TeachOpenCADDプラットフォームの著者らは次の出資者からの公的出資を受け取っています:

  • Bundesministerium für Bildung und Forschung (Grant Number 031A262C)
  • Deutsche Forschungsgemeinschaft (Grant number VO 2353/1-1)
  • HaVo-Stiftung, Ludwigshafen, Germany
  • Stiftung Charité (Einstein BIH Visiting Fellow project)
  • "SUPPORT für die Lehre" program (Förderung innovativer Lehrvorhaben) of the Freie Universität Berlin
  • Open Access Publication Fund of Charité – Universitätsmedizin Berlin

サイエンティフィックな文献で TeachOpenCADD の教材を利用した時は、我々の文献を引用してください:

TeachOpenCADDプラットフォームの有用さを計り、今後の出資をうけるために役立ちます!

@article{TeachOpenCADD2019, author = {Sydow, Dominique and Morger, Andrea and Driller, Maximilian and Volkamer, Andrea}, doi = {10.1186/s13321-019-0351-x}, journal = {J. Cheminform.}, number = {1}, pages = {29}, title = {{TeachOpenCADD: a teaching platform for computer-aided drug design using open source packages and data}}, url = {https://doi.org/10.1186/s13321-019-0351-x}, volume = {11}, year = {2019} }

@article{TeachOpenCADDKNIME2019, author = {Sydow, Dominique and Wichmann, Michele and Rodr{\'{i}}guez-Guerra, Jaime and Goldmann, Daria and Landrum, Gregory and Volkamer, Andrea}, doi = {10.1021/ACS.JCIM.9B00662}, journal = {J. Chem.
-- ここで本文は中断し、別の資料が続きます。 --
(* Consider $N\ge2$ agents $V=\{1,\dots,N\}$ with states evolving, with zero control input, according to $$\dot x_i(t)=\sum_{j\in\mathcal N_i}|a_{ij}(t)|\bigl(\operatorname{sgn}(a_{ij}(t))\,x_j(t)-x_i(t)\bigr),\qquad i\in V,$$ over a signed time-varying graph $\mathcal G_A(t)$ whose coefficients satisfy (A1)–(A3) below. Suppose $\mathcal G_A(t)$ is uniformly quasi strongly $\delta$-connected with constant $T>0$ such that, for every $t\ge t_0\ge0$, the condensation graph of $G_\delta[t,t+T)$ contains a fixed node set $S\subseteq V$ forming a strongly connected component, with a $\delta$-path in $G_\delta[t,t+T)$ from $S$ to every node of $R:=V\setminus S$. Let $h(t):=\max_{i\in R}|x_i(t)|$, $c(t):=\max_{i\in S}|x_i(t)|$, $N_s:=\operatorname{card}(S)$, and suppose that for almost all $t\ge t_0$ the inequalities $D^+h(t)\le M_0N_s(c(t)-h(t))$ and $D^+c(t)\le0$ hold. Let $s,k\in\mathbb{Z}_{\ge0}$ and $K:=kT$. Then for almost all $t\in[t_0+sK,\,t_0+(s+1)K]$, $$c(t)\le c(t_0+sK),\qquad h(t)\le h(t_0+sK)+c(t_0+sK).$$
   Context: $\operatorname{sgn}$ is the sign function; $a_{ij}(t)$ is the signed influence of agent $j$ on agent $i$; $\mathcal N_i$ is the set of incoming neighbors of $i$; solutions are Carathéodory (absolutely continuous). $D^+h(t)=\limsup_{s\to0^+}\frac{h(t+s)-h(t)}{s}$ is the upper Dini derivative. Assumptions: (A1) each $a_{ij}(t)$ is piecewise continuous on every compact interval with discontinuity set of Lebesgue measure zero; (A2) $a_{ii}\equiv0$; (A3) there is $M_0>0$ with $\int_{t_1}^{t_2}|a_{ij}(s)|\,ds\le M_0(t_2-t_1)$ for all $t_1\le t_2$. Graph notions: for $\delta>0$, a $\delta$-arc from $j$ to $i$ on $[t_1,t_2)$ means $\int_{t_1}^{t_2}|a_{ij}(t)|\,dt\ge\delta(t_2-t_1)$; a $\delta$-path is a directed path of $\delta$-arcs; $G_\delta[t_1,t_2)$ is the digraph on $V$ of $\delta$-arcs on $[t_1,t_2)$; its condensation graph has the strongly connected components as nodes. Uniformly quasi strongly $\delta$-connected: there is $T>0$ such that for every $t\ge0$ the condensation graph of $G_\delta[t,t+T)$ has a root node with a $\delta$-path to every other node. *)

From HB Require Import structures.
From mathcomp Require Import all_boot all_order all_algebra.
From mathcomp Require Import all_classical all_reals all_analysis.
Set Implicit Arguments. Unset Strict Implicit. Unset Printing Implicit Defensive.
Import Order.TTheory GRing.Theory Num.Theory.
Import numFieldNormedType.Exports.
Local Open Scope classical_set_scope.
Local Open Scope ring_scope.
Inf. Model.}, publisher = {American Chemical Society}, title = {{TeachOpenCADD-KNIME: A Teaching Platform for Computer-Aided Drug Design Using KNIME Workflows}}, url = {https://pubs.acs.org/doi/full/10.1021/acs.jcim.9b00662}, year = {2019} }

訳以上

追記

以上でREADMEの訳となります。環境構築に関して私の場合、MacBook Pro(2017) macOS High Sierraを使用しており、conda環境での構築を試しています。
他のOSでのインストールやyml、Binder(って何かわかりませんでした・・・)を試していないので、不具合の有無はわかりません。
ソフトウェアのバージョンアップはそれぞれまちまちなので、場合によっては互換性がなくなってしまっているものもあるかもしれません。
ぜひぜひ情報をシェアしてください。(…このページについて本家の連絡先には問い合わせないでください)

素人の試訳なので誤訳、間違い等あると思います。ご指摘いただければ幸いです。

・・・いつかGitHubにちゃんとjupyter notebookをあげたい。